Stored data entries:
________________

(* Let $K$ be a positive integer, let $J$ be a positive integer or $\infty$, write $[J]=\{1,\dots,J\}$ (with $[J]=\mathbb{Z}_+$ if $J=\infty$), and let $Q=[Q_1,\dots,Q_K]$ with $Q_l:[J]\to\{0,1\}$. Let $k\in\{1,\dots,K\}$ and suppose $$\{k\}=\bigcap_{\substack{S\subset\{1,\dots,K\}\\ k\in S,\ \mathcal{R}(S)\neq\emptyset}} S.$$ Then $k$ does not mask any $k'\neq k$.
   Context: $\operatorname{supp}(Q_l)=\{j: Q_l(j)=1\}$. For $S\subset\{1,\dots,K\}$, $\mathcal{R}(S)\subset[J]$ is the set of indices $j$ such that $Q_l(j)=1$ for all $l\in S$ and $Q_l(j)=0$ for all $l\notin S$. We say $k$ masks $k'$ if $\operatorname{supp}(Q_{k})\subset\operatorname{supp}(Q_{k'})$. An intersection over an empty family of sets is taken to be empty. *)

From mathcomp Require Import all_boot.
Set Implicit Arguments. Unset Strict Implicit. Unset Printing Implicit Defensive.

(* The column index set [J]: J = Some n means [J] = {1,...,n};
   J = None means J = infinity, [J] = {1,2,3,...} = Z_+. *)
Definition inJ (J : option nat) (j : nat) : Prop :=
  match J with
  | Some n => 1 <= j <= n
  | None => 1 <= j
  end.

(* Q : 'I_K -> nat -> bool; Q l is Q_{l+1} (0-based attribute index),
   only its values on [J] matter. *)

Definition supp (K : nat) (J : option nat) (Q : 'I_K -> nat -> bool)
  (l : 'I_K) (j : nat) : Prop := inJ J j /\ Q l j = true.

Definition inR (K : nat) (J : option nat) (Q : 'I_K -> nat -> bool)
  (S : {set 'I_K}) (j : nat) : Prop :=
  inJ J j /\ (forall l : 'I_K, Q l j = (l \in S)).

Definition R_nonempty (K : nat) (J : option nat) (Q : 'I_K -> nat -> bool)
  (S : {set 'I_K}) : Prop := exists j, inR J Q S j.

(* Intersection of a family of subsets of {1..K}; empty family gives the
   empty set (convention of the paper). *)
Definition family_inter (K : nat) (F : {set 'I_K} -> Prop) (l : 'I_K) : Prop :=
  (exists S, F S) /\ (forall S, F S -> l \in S).

Definition masks (K : nat) (J : option nat) (Q : 'I_K -> nat -> bool)
  (k k' : 'I_K) : Prop :=
  forall j, supp J Q k j -> supp J Q k' j.

From mathcomp Require Import all_boot.
From Stdlib Require Import Classical.

(* Since k' lies outside the intersection {k}, some S containing k with R(S)
   nonempty misses k'.  Any j in R(S) then has Q_k(j) = 1 and Q_k'(j) = 0, so
   supp(Q_k) is not contained in supp(Q_k'). *)

Lemma not_family_inter_witness {K : nat} {F : {set 'I_K} -> Prop} {l : 'I_K} :
  (exists S, F S) -> ~ family_inter F l -> exists2 S, F S & l \notin S.
Proof.
move=> F_ne l_notin; apply: NNPP => no_witness; apply: l_notin; split=> // S FS.
by apply: NNPP => lS; apply: no_witness; exists S => //; apply/negP.
Qed.

Lemma inR_not_masks {K : nat} {J : option nat} {Q : 'I_K -> nat -> bool}
    {S : {set 'I_K}} {j : nat} {k k' : 'I_K} :
  inR J Q S j -> k \in S -> k' \notin S -> ~ masks J Q k k'.
Proof.
move=> [jJ QjS] kS k'S k_masks.
have [_] := k_masks j (conj jJ (etrans (QjS k) kS)).
by rewrite QjS (negbTE k'S).
Qed.

Theorem lemma4 (K : nat) (J : option nat) (Q : 'I_K -> nat -> bool)
  (k : 'I_K) (hK : 0 < K)
  (hJ : match J return Prop with Some n => 0 < n | None => True end)
  (hk : forall l : 'I_K,
      l = k <-> family_inter (fun S : {set 'I_K} => k \in S /\ R_nonempty J Q S) l) :
  forall k' : 'I_K, k' <> k -> ~ masks J Q k k'.
Proof.
move=> k' k'_neq.
have [F_ne _] := proj1 (hk k) erefl.
have k'_notin : ~ family_inter (fun S => k \in S /\ R_nonempty J Q S) k'.
  by move=> /hk.
have [S [kS [j jRS]] k'S] := not_family_inter_witness F_ne k'_notin.
exact: inR_not_masks jRS kS k'S.
Qed.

________________

▶ _Exercise aim_: Within the entries above, find every line where the string "forall" occurs, and copy it.

▶ _Response to the task_:
  inJ J j /\ (forall l : 'I_K, Q l j = (l \in S)).
  (exists S, F S) /\ (forall S, F S -> l \in S).
  forall j, supp J Q k j -> supp J Q k' j.
  (hk : forall l : 'I_K,
  forall k' : 'I_K, k' <> k -> ~ masks J Q k k'.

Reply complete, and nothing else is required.